SAN ANTONIO, TX.- Ruiz-Healy Art is presenting Mel Casas: Iconic Reality, a special exhibition honoring the works of the late Mel Casas. The exhibition opened on Wednesday, October 18, 2017. A catalogue is available including an essay by the respected Chicano Art scholar and Associate Professor and Chair of Chicana/o Studies at the University of California at Davis, Carlos Francisco Jackson.
Mel Casas (b. 1929- d. 2014) was an artist of national and international renown. He was also an educator and cofounder of the San Antonio Artist Collective Con Safoconsidered by many to be one of the most significant Chicano Art groups of the 60s and 70s. In regards to the future of Chicano art, Casas is quoted for the landmark exhibition, Chicano Art: Resistance and Affirmation (CARA), that his wishes were to make "Chicano art relevant to everyone. Casas constructed a diagram outlining his vision to balance the "national art criteria" with Chicano Art and Regional Art in attempts to make Chicano art more accessible and "relevant to EVERYONE: AN ICONIC REALITY"
Ruiz-Healy Art's Mel Casas: Iconic Reality, features a body of work, not shown together previously. Selected Humanscapes have been juxtaposed with his more painterly applications (the artist later used a brushless application, where he poured paint directly on the canvas), mixing intimate and smaller works that really demonstrate the artist's fixation on beauty and sensuality, with his grander-scaled political paintings, providing a well-rounded view of the artists oeuvre under one roof.

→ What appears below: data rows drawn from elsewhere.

Lemma supp_perm {f : fm} {B : bs} {L L'} : supp f B L -> Permutation L L' -> supp f B L'.
Proof.
  revert B L L'; induction f; intros B L L' H HP; cbn in *.
  - exact (deriv_perm H HP).
  - exact I.
  - intros p K. apply (deriv_perm (H p K)). now apply Permutation_app_tail.
  - intros C K p HC Hd. apply (deriv_perm (H C K p HC Hd)). now apply Permutation_app_tail.
  - intros C HC K HK. apply (IHf2 _ _ _ (H C HC K HK)). now apply Permutation_app_tail.
  - intros C K p HC Hk. apply (deriv_perm (H C K p HC Hk)). now apply Permutation_app_tail.
  - destruct H; split; eauto.
  - intros C K p HC Hk1 Hk2. apply (deriv_perm (H C K p HC Hk1 Hk2)).
    now apply Permutation_app_tail.
  - intros C K p HC Hk. apply (deriv_perm (H C K p HC Hk)). now apply Permutation_app_tail.
Qed.

Lemma supp_mono {f : fm} {B C : bs} {L} : extends B C -> supp f B L -> supp f C L.
Proof.
  revert B C L; induction f; intros B C L HBC H; cbn in *.
  - exact (deriv_mono HBC H).
  - exact I.
  - intros p K. exact (deriv_mono HBC (H p K)).
  - intros D K p HCD. apply H. exact (extends_trans HBC HCD).
  - intros D HCD. apply H. exact (extends_trans HBC HCD).
  - intros D K p HCD. apply H. exact (extends_trans HBC HCD).
  - destruct H; split; eauto.
  - intros D K p HCD. apply H. exact (extends_trans HBC HCD).
  - intros D K p HCD. apply H. exact (extends_trans HBC HCD).
Qed.

(* How a formula is supported as a hypothesis, as in the clauses for ⊸, ⊗, ⊕ and in
   [seq_supp]: a hypothesis [!d] consumes no atoms and needs [d] supported outright. *)
Definition supp_ante (f : fm) (B : bs) (K : list A) : Prop :=
  match f with
  | Bang d => K = [] /\ supp d B []
  | _ => supp f B K
  end.

Lemma supp_ante_mono {f : fm} {B C : bs} {K} : extends B C -> supp_ante f B K -> supp_ante f C K.
Proof.
  intros HBC H. destruct f; cbn [supp_ante] in *; try exact (supp_mono HBC H).
  destruct H as [-> H]. split; [reflexivity | exact (supp_mono HBC H)].
Qed.

Fixpoint supp_ctx (G : list fm) (B : bs) (K : list A) : Prop :=
  match G with
  | [] => K = []
  | g :: G' => exists K1 K2, Permutation K (K1 ++ K2) /\ supp_ante g B K1 /\ supp_ctx G' B K2
  end.

Lemma supp_ctx_mono {G : list fm} {B C : bs} {K} : extends B C -> supp_ctx G B K -> supp_ctx G C K.
Proof.
  intros HBC. revert K. induction G as [|g G IH]; intros K H; cbn in *; auto.
  destruct H as (K1 & K2 & HP & Hg & HG).
  exists K1, K2. split; [exact HP | split; [exact (supp_ante_mono HBC Hg) | exact (IH _ HG)]].
Qed.

Lemma supp_ctx_pair (f g : fm) (B : bs) K :
  supp_ctx [f; g] B K <->
  exists K1 K2, Permutation K (K1 ++ K2) /\ supp_ante f B K1 /\ supp_ante g B K2.
Proof.
  cbn. split.
  - intros (K1 & K2 & HP & Hf & K3 & K4 & HP' & Hg & ->).
    rewrite app_nil_r in HP'. exists K1, K3. rewrite HP, HP'. auto.
  - intros (K1 & K2 & HP & Hf & Hg). exists K1, K2. repeat split; auto.
    exists K2, []. rewrite app_nil_r. auto.
Qed.

Lemma supp_ctx_app_inv {G G' : list fm} {B : bs} {K} :
  supp_ctx (G ++ G') B K ->
  exists K1 K2, Permutation K (K1 ++ K2) /\ supp_ctx G B K1 /\ supp_ctx G' B K2.
Proof.
  revert K. induction G as [|g G IH]; intros K H; cbn in *.
  - exists [], K. auto.
  - destruct H as (K1 & K2 & HP & Hg & H).
    destruct (IH _ H) as (K3 & K4 & HP' & HG & HG').
    exists (K1 ++ K3), K4. split; [| split; [exists K1, K3; auto | exact HG']].
    rewrite <- app_assoc, HP, HP'. reflexivity.
Qed.

Lemma supp_ctx_app {G G' : list fm} {B : bs} {K1 K2} :
  supp_ctx G B K1 -> supp_ctx G' B K2 -> supp_ctx (G ++ G') B (K1 ++ K2).
Proof.
  revert K1. induction G as [|g G IH]; intros K1 H H'; cbn in *.
  - now subst.
  - destruct H as (K3 & K4 & HP & Hg & H).
    exists K3, (K4 ++ K2). split; [| split; [exact Hg | exact (IH _ H H')]].
    rewrite HP, app_assoc. reflexivity.
Qed.

Lemma supp_ctx_perm {G G' : list fm} {B : bs} {K} :
  Permutation G G' -> supp_ctx G B K -> supp_ctx G' B K.
Proof.
  intros HG. revert K. induction HG as [| g G G' _ IH | g g' G | G G' G'' _ IH1 _ IH2];
    intros K H; cbn in *; auto.
  - destruct H as (K1 & K2 & HP & Hg & H). exists K1, K2. auto.
  - destruct H as (K1 & K2 & HP & Hg & K3 & K4 & HP' & Hg' & H).
    exists K3, (K1 ++ K4). split; [| split; [exact Hg' | exists K1, K4; auto]].
    rewrite HP, HP'. apply Permutation_app_swap_app.
Qed.

Lemma supp_ctx_map_bang {ps : list (list fm * fm)} {B : bs} :
  Forall (fun p => supp (snd p) B []) ps -> supp_ctx (map (fun p => Bang (snd p)) ps) B [].
Proof. induction 1; cbn; auto. exists [], []. auto. Qed.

In the words of Carlos Francisco Jackson, "Ruiz-Healy Arts exhibition of Mel Casas work provides a window into his broad and impactful practice of challenging borders that create metaphorical, physical, and ideological divergences."

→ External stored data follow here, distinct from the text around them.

(* Let $X$ be a quasi-lattice and $x,y,z\in X$. Then: (1) $x\tilde\vee x=x\tilde\wedge x=x$. (2) For $\alpha\ge0$, $(\alpha x)\tilde\vee(\alpha y)=\alpha(x\tilde\vee y)$ and $(\alpha x)\tilde\wedge(\alpha y)=\alpha(x\tilde\wedge y)$. (3) For $\alpha\le 0$, $(\alpha x)\tilde\vee(\alpha y)=\alpha(x\tilde\wedge y)$ and $(\alpha x)\tilde\wedge(\alpha y)=\alpha(x\tilde\vee y)$. (4) $(x\tilde\vee y)+z=(x+z)\tilde\vee(y+z)$ and $(x\tilde\wedge y)+z=(x+z)\tilde\wedge(y+z)$. (5) $x^{\pm}\ge0$ and $x^-=(-x)^+$. (6) $\lceil x\rceil\ge0$ and $\lceil\alpha x\rceil=|\alpha|\lceil x\rceil$ for all $\alpha\in\mathbb R$; in particular $\lceil -x\rceil=\lceil x\rceil$. (7) $x=x^+-x^-$, $x^+\tilde\wedge x^-=0$ and $\lceil x\rceil=x^++x^-$. (8) If $x\ge0$, then $x\tilde\wedge 0=0$ and $x=x^+=\lceil x\rceil$. (9) $\lceil\lceil x\rceil\rceil=\lceil x\rceil$. (10) $x\tilde\vee y+x\tilde\wedge y=x+y$ and $x\tilde\vee y-x\tilde\wedge y=\lceil x-y\rceil$. (11) $x\tilde\vee y=\frac12(x+y)+\frac12\lceil x-y\rceil$ and $x\tilde\wedge y=\frac12(x+y)-\frac12\lceil x-y\rceil$.
   Context: A pre-ordered Banach space is a real Banach space $X$ with a cone $X_+$ ($X_++X_+\subseteq X_+$, $\lambda X_+\subseteq X_+$ for $\lambda\ge0$); $x\le y$ means $y-x\in X_+$. For $A\subseteq X$, $\upsilon(A)$ is the set of upper bounds of $A$ and $\mu(A)$ the set of minimal upper bounds ($z\in\upsilon(A)$ with: $A\le w\le z$ implies $w=z$). Let $\sigma_{x,y}(z)=\|z-x\|+\|z-y\|$. A pre-ordered Banach space with closed cone is a $\upsilon$-quasi-lattice (resp. $\mu$-quasi-lattice) if for all $x,y$ the set $\upsilon(\{x,y\})$ (resp. $\mu(\{x,y\})$) is non-empty and contains a unique minimizer of $\sigma_{x,y}$ over that set, called the quasi-supremum $x\tilde\vee y$. A quasi-lattice is either a $\upsilon$- or a $\mu$-quasi-lattice, with $x\tilde\vee y$ the corresponding quasi-supremum. Define $x\tilde\wedge y:=-((-x)\tilde\vee(-y))$, $\lceil x\rceil:=(-x)\tilde\vee x$, $x^+:=0\tilde\vee x$, $x^-:=0\tilde\vee(-x)$. *)

From HB Require Import structures.
From mathcomp Require Import all_boot all_order all_algebra.
From mathcomp Require Import all_classical all_reals all_analysis.
Set Implicit Arguments. Unset Strict Implicit. Unset Printing Implicit Defensive.
Import Order.TTheory GRing.Theory Num.Theory.
Import numFieldNormedType.Exports.
Local Open Scope classical_set_scope.
Local Open Scope ring_scope.

Section QL.
Context {R : realType} {X : completeNormedModType R}.

Definition is_cone (C : set X) : Prop :=
  (forall u v, C u -> C v -> C (u + v)) /\
  (forall (l : R) u, 0 <= l -> C u -> C (l *: u)).

Definition cle (C : set X) (x y : X) : Prop := C (y - x).

Definition ubs (C : set X) (x y : X) : set X :=
  [set z | cle C x z /\ cle C y z].

Definition mubs (C : set X) (x y : X) : set X :=
  [set z | ubs C x y z /\
           (forall w, ubs C x y w -> cle C w z -> w = z)].

Definition sigma (x y z : X) : R := `|z - x| + `|z - y|.

Definition unique_minimizer (S : set X) (x y z : X) : Prop :=
  S z /\ (forall w, S w -> sigma x y z <= sigma x y w) /\
  (forall w, S w -> sigma x y w <= sigma x y z -> w = z).

(* the bound set: mu = false -> upsilon(x,y), mu = true -> mu(x,y) *)
Definition bset (C : set X) (mu : bool) (x y : X) : set X :=
  if mu then mubs C x y else ubs C x y.

(* X (with closed cone C) is a upsilon-/mu-quasi-lattice with quasi-supremum jn:
   for all x y, jn x y is the unique minimizer of sigma_{x,y} over the bound set
   (this includes non-emptiness and existence/uniqueness of the minimizer). *)
Definition quasi_lattice (C : set X) (mu : bool) (jn : X -> X -> X) : Prop :=
  is_cone C /\ closed C /\
  forall x y, unique_minimizer (bset C mu x y) x y (jn x y).

Definition qmeet (jn : X -> X -> X) (x y : X) : X := - jn (- x) (- y).
Definition qceil (jn : X -> X -> X) (x : X) : X := jn (- x) x.
Definition qpos (jn : X -> X -> X) (x : X) : X := jn 0 x.
Definition qneg (jn : X -> X -> X) (x : X) : X := jn 0 (- x).

End QL.

(* Swapping x and y, and every map w |-> a w + b with a > 0, preserve the order, hence map bound
   sets onto bound sets, and they multiply sigma by a positive constant; so the quasi-supremum is
   symmetric and commutes with them.  Together with [x <= y -> x ~v y = y] this gives
   x ~^ y = x + y - x ~v y  and  ceil (x - y) = 2 (x ~v y) - (x + y)
   (the map w |-> 2 w - (x + y) sends x, y to x - y, y - x), and every item follows by linear
   algebra. *)
From HB Require Import structures.
From mathcomp Require Import all_boot all_order all_algebra.
From mathcomp Require Import all_classical all_reals all_analysis.
Import Order.TTheory GRing.Theory Num.Theory.
Import numFieldNormedType.Exports.
Local Open Scope classical_set_scope.
Local Open Scope ring_scope.
Set Implicit Arguments. Unset Strict Implicit.

Section AffineMaps.
Context {R : realType} {X : completeNormedModType R}.

Definition aff (a : R) (b w : X) : X := a *: w + b.

Lemma scaler2 (v : X) : 2 *: v = v + v.
Proof. by rewrite scaler_nat mulr2n. Qed.

Lemma affB a b u v : aff a b u - aff a b v = a *: (u - v).
Proof. by rewrite /aff scalerBr opprD addrACA subrr addr0. Qed.

Lemma affK a b : a != 0 -> cancel (aff a b) (aff a^-1 (- (a^-1 *: b))).
Proof. by move=> a0 w; rewrite /aff scalerDr scalerA mulVf // scale1r addrK. Qed.

Lemma affVK a b : a != 0 -> cancel (aff a^-1 (- (a^-1 *: b))) (aff a b).
Proof.
by move=> a0 w; rewrite /aff scalerDr scalerN !scalerA divff // !scale1r subrK.
Qed.

Lemma sigma_aff a (b x y w : X) : 0 <= a ->
  sigma (aff a b x) (aff a b y) (aff a b w) = a * sigma x y w.
Proof. by move=> a_ge0; rewrite /sigma !affB !normrZ ger0_norm // mulrDr. Qed.

Lemma sigma_sym (x y w : X) : sigma y x w = sigma x y w.
Proof. exact: addrC. Qed.

Lemma unique_minimizer_eq (S : set X) x y z z' :
  unique_minimizer S x y z -> unique_minimizer S x y z' -> z' = z.
Proof. by move=> [Sz [_ zuniq]] [Sz' [z'min _]]; exact: zuniq _ Sz' (z'min _ Sz). Qed.

Lemma unique_minimizer_transport (S S' : set X) x y x' y' z (f g : X -> X) (a : R) :
  0 < a -> cancel g f ->
  (forall w, S w -> S' (f w)) -> (forall w, S' w -> S (g w)) ->
  (forall w, sigma x' y' (f w) = a * sigma x y w) ->
  unique_minimizer S x y z -> unique_minimizer S' x' y' (f z).
Proof.
move=> a_gt0 gK Sf S'g sigma_f [Sz [zmin zuniq]]; split; first exact: Sf.
split=> w S'w; rewrite -(gK w) !sigma_f ler_pM2l //; first exact/zmin/S'g.
by move=> /(zuniq _ (S'g _ S'w)) ->.
Qed.

End AffineMaps.

Section ConeOrder.
Context {R : realType} {X : completeNormedModType R}.
Variable C : set X.

Lemma ubs_sym x y : ubs C y x = ubs C x y.
Proof. by apply/seteqP; split=> w []. Qed.

Lemma bset_sym mu x y : bset C mu y x = bset C mu x y.
Proof. by rewrite /bset /mubs ubs_sym. Qed.

Lemma cle_oppr0 x : cle C 0 x -> cle C (- x) 0.
Proof. by rewrite /cle sub0r opprK subr0. Qed.

Lemma bset_order_iso mu (f g : X -> X) : cancel f g -> cancel g f ->
  (forall u v, cle C u v -> cle C (f u) (f v)) ->
  (forall u v, cle C u v -> cle C (g u) (g v)) ->
  forall x y w, bset C mu x y w -> bset C mu (f x) (f y) (f w).
Proof.
move=> fK gK f_mono g_mono x y w; rewrite /bset; case: mu => [|[xw yw]]; last first.
  by split; apply: f_mono.
move=> [[xw yw] wmin]; split; first by split; apply: f_mono.
move=> w' [xw' yw'] w'w; rewrite -(gK w'); congr f; apply: wmin.
  by split; [rewrite -[x]fK | rewrite -[y]fK]; apply: g_mono.
by rewrite -[w]fK; apply: g_mono.
Qed.

Hypothesis coneC : is_cone C.

Lemma cone0 u : C u -> C 0.
Proof. by move=> Cu; rewrite -(scale0r u); apply: coneC.2. Qed.

Lemma cle_aff a b u v : 0 <= a -> cle C u v -> cle C (aff a b u) (aff a b v).
Proof. by move=> a_ge0 uv; rewrite /cle affB; apply: coneC.2. Qed.

Lemma cle_trans u v w : cle C u v -> cle C v w -> cle C u w.
Proof. by move=> uv vw; rewrite /cle -(subrK v w) -addrA; apply: coneC.1. Qed.

Lemma bset_aff mu a b x y w : 0 < a ->
  bset C mu x y w -> bset C mu (aff a b x) (aff a b y) (aff a b w).
Proof.
move=> a_gt0; have a0 : a != 0 by rewrite gt_eqF.
apply: (bset_order_iso (affK b a0) (affVK b a0)) => u v; apply: cle_aff.
  exact: ltW.
by rewrite invr_ge0 ltW.
Qed.

(* Adding [x <= w] and [-x <= w] gives [0 <= 2 w]; then scale by 1/2. *)
Lemma ubsN_ge0 x w : ubs C (- x) x w -> cle C 0 w.
Proof.
move=> [Nxw xw]; have := coneC.1 _ _ Nxw xw.
rewrite opprK addrACA subrr addr0 -scaler2 => w2.
rewrite /cle subr0 -[w](scalerK (lt0r_neq0 (ltr0Sn R 1))).
by apply: coneC.2; rewrite // invr_ge0.
Qed.

End ConeOrder.

Section QuasiLattice.
Context {R : realType} {X : completeNormedModType R}.
Variables (C : set X) (mu : bool) (jn : X -> X -> X).
Hypothesis HQ : quasi_lattice C mu jn.

Let coneC : is_cone C := HQ.1.

Lemma jn_minimizer x y : unique_minimizer (bset C mu x y) x y (jn x y).
Proof. exact: HQ.2.2. Qed.

Lemma jn_ubs x y : ubs C x y (jn x y).
Proof. by have [] := jn_minimizer x y; rewrite /bset; case: mu => // -[]. Qed.

Lemma jn_unique x y z : unique_minimizer (bset C mu x y) x y z -> jn x y = z.
Proof. by move=> zmin; apply: unique_minimizer_eq zmin (jn_minimizer x y). Qed.

Lemma jnC x y : jn y x = jn x y.
Proof.
apply: jn_unique.
apply: (unique_minimizer_transport (f := id) (g := id) (a := 1) ltr01)
  (jn_minimizer x y) => //.
- by move=> w; rewrite bset_sym.
- by move=> w; rewrite bset_sym.
- by move=> w; rewrite mul1r sigma_sym.
Qed.

Lemma jn_aff a b x y : 0 < a -> jn (aff a b x) (aff a b y) = aff a b (jn x y).
Proof.
move=> a_gt0; have a0 : a != 0 by rewrite gt_eqF.
have ainv_gt0 : 0 < a^-1 by rewrite invr_gt0.
apply: jn_unique.
apply: (unique_minimizer_transport a_gt0 (affVK b a0)) (jn_minimizer x y).
- by move=> w; apply: bset_aff.
- by move=> w /(bset_aff coneC (- (a^-1 *: b)) ainv_gt0); rewrite !affK.
- by move=> w; rewrite sigma_aff // ltW.
Qed.

Lemma jn_of_le x y : cle C x y -> jn x y = y.
Proof.
move=> xy; have yy : cle C y y by rewrite /cle subrr; exact: (cone0 coneC xy).
have := jn_minimizer x y; rewrite /bset; case: mu => [[[[_ yj] jmax] _] | [_ [_ juniq]]].
  by symmetry; apply: jmax.
symmetry; apply: juniq => //; rewrite /sigma subrr normr0 addr0.
have -> : y - x = (jn x y - x) - (jn x y - y) by rewrite opprB [RHS]addrC addrA subrK.
exact: ler_normB.
Qed.

Lemma jnxx x : jn x x = x.
Proof.
have [xj _] := jn_ubs x x.
by apply: jn_of_le; rewrite /cle subrr; exact: (cone0 coneC xj).
Qed.

Lemma jnDr x y z : jn (x + z) (y + z) = jn x y + z.
Proof. by have := jn_aff z x y ltr01; rewrite /aff !scale1r. Qed.

Lemma jnZ a x y : 0 <= a -> jn (a *: x) (a *: y) = a *: jn x y.
Proof.
rewrite le0r => /orP[/eqP -> | a_gt0]; first by rewrite !scale0r jnxx.
by have := jn_aff 0 x y a_gt0; rewrite /aff !addr0.
Qed.

Lemma qmeetE x y : qmeet jn x y = x + y - jn x y.
Proof.
have Ex : y - (x + y) = - x by rewrite opprD addrCA subrr addr0.
have Ey : x - (x + y) = - y by rewrite opprD addrA subrr add0r.
by rewrite /qmeet -Ex -Ey jnDr jnC opprB.
Qed.

Lemma qceil_sub x y : qceil jn (x - y) = 2 *: jn x y - (x + y).
Proof.
have := jn_aff (- (x + y)) x y (ltr0Sn R 1); rewrite /aff => <-.
rewrite /qceil jnC opprB !scaler2 opprD; congr jn.
  by rewrite addrACA subrr add0r.
by rewrite addrACA subrr addr0.
Qed.

Lemma qmeetxx x : qmeet jn x x = x.
Proof. by rewrite /qmeet jnxx opprK. Qed.

Lemma qmeetZ a x y : 0 <= a -> qmeet jn (a *: x) (a *: y) = a *: qmeet jn x y.
Proof. by move=> a_ge0; rewrite /qmeet -!scalerN jnZ // scalerN. Qed.

Lemma jnZ_le0 a x y : a <= 0 -> jn (a *: x) (a *: y) = a *: qmeet jn x y.
Proof.
rewrite -oppr_ge0 => Na_ge0.
have scaleNN (v : X) : a *: v = - a *: - v by rewrite scaleNr scalerN opprK.
by rewrite (scaleNN x) (scaleNN y) jnZ // /qmeet scaleNr scalerN.
Qed.

Lemma qmeetZ_le0 a x y : a <= 0 -> qmeet jn (a *: x) (a *: y) = a *: jn x y.
Proof.
rewrite -oppr_ge0 => Na_ge0.
by rewrite /qmeet -!scaleNr jnZ // scaleNr opprK.
Qed.

Lemma qmeetDr x y z : qmeet jn (x + z) (y + z) = qmeet jn x y + z.
Proof. by rewrite /qmeet !opprD jnDr opprD opprK. Qed.

Lemma qpos_ge0 x : cle C 0 (qpos jn x).
Proof. exact: (jn_ubs 0 x).1. Qed.

Lemma qneg_ge0 x : cle C 0 (qneg jn x).
Proof. exact: (jn_ubs 0 (- x)).1. Qed.

Lemma qceil_ge0 x : cle C 0 (qceil jn x).
Proof. exact: (ubsN_ge0 coneC (jn_ubs (- x) x)). Qed.

Lemma qceilZ a x : qceil jn (a *: x) = `|a| *: qceil jn x.
Proof.
have [a_ge0 | a_lt0] := leP 0 a; first by rewrite /qceil -scalerN jnZ // ger0_norm.
have scaleNN : a *: x = - a *: - x by rewrite scaleNr scalerN opprK.
by rewrite /qceil -scaleNr scaleNN jnZ ?oppr_ge0 ?ltW // ltr0_norm // jnC.
Qed.

Lemma qceilN x : qceil jn (- x) = qceil jn x.
Proof. by rewrite /qceil opprK jnC. Qed.

Lemma qnegE x : qneg jn x = qpos jn x - x.
Proof. by rewrite /qneg /qpos -jnDr add0r subrr jnC. Qed.

Lemma qpos_sub_qneg x : x = qpos jn x - qneg jn x.
Proof. by rewrite qnegE opprB addrC subrK. Qed.

Lemma qmeet_qpos_qneg x : qmeet jn (qpos jn x) (qneg jn x) = 0.
Proof.
rewrite qnegE (addrC _ (- x)) -{1}[qpos jn x]add0r qmeetDr.
by rewrite /qmeet oppr0 opprK /qpos addNr.
Qed.

Lemma qceil_qpos_qneg x : qceil jn x = qpos jn x + qneg jn x.
Proof.
by rewrite -[x in LHS]subr0 qceil_sub addr0 jnC qnegE scaler2 addrA.
Qed.

Lemma ge0_qmeetx0 x : cle C 0 x -> qmeet jn x 0 = 0.
Proof.
by move=> x_ge0; rewrite /qmeet oppr0 jn_of_le ?oppr0 //; apply: cle_oppr0.
Qed.

Lemma ge0_qpos x : cle C 0 x -> qpos jn x = x.
Proof. exact: jn_of_le. Qed.

Lemma ge0_qceil x : cle C 0 x -> qceil jn x = x.
Proof. by move=> x_ge0; apply/jn_of_le/(cle_trans coneC (cle_oppr0 x_ge0)). Qed.

Lemma qceil_idem x : qceil jn (qceil jn x) = qceil jn x.
Proof. exact/ge0_qceil/qceil_ge0. Qed.

Lemma jn_add_qmeet x y : jn x y + qmeet jn x y = x + y.
Proof. by rewrite qmeetE addrC subrK. Qed.

Lemma jn_sub_qmeet x y : jn x y - qmeet jn x y = qceil jn (x - y).
Proof. by rewrite qceil_sub qmeetE opprB addrA scaler2. Qed.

Casas was born and raised in El Paso. He received his his BA from Texas Western College (now the University of Texas at El Paso) in 1956 and his MFA from the University of the Americas in Mexico City 1958. In 1975 he was selected to participate in prestigious American Art survey, the Whitney Biennial. And he is found in respected collections such as the Smithsonian American Art Museum, Washington, D.C.. Casas was featured in pivotal exhibitions and publications on Chicano Art including: Chicano Art: Resistance and Affirmation (An interpretive exhibition of the Chicano Art Movement, 1965-1985), The Latin American Spirit: Art and Artists in the United States, 1920-1970, Hispanic Art in the United States: Thirty Contemporary Painters and Sculptors, Contemporary Chicana and Chicano Art: Artists, Works, Culture, and Education (Volume 1), Chicano Visions: American Painters on the Verge, and Our America: The Latino Presence in American Art.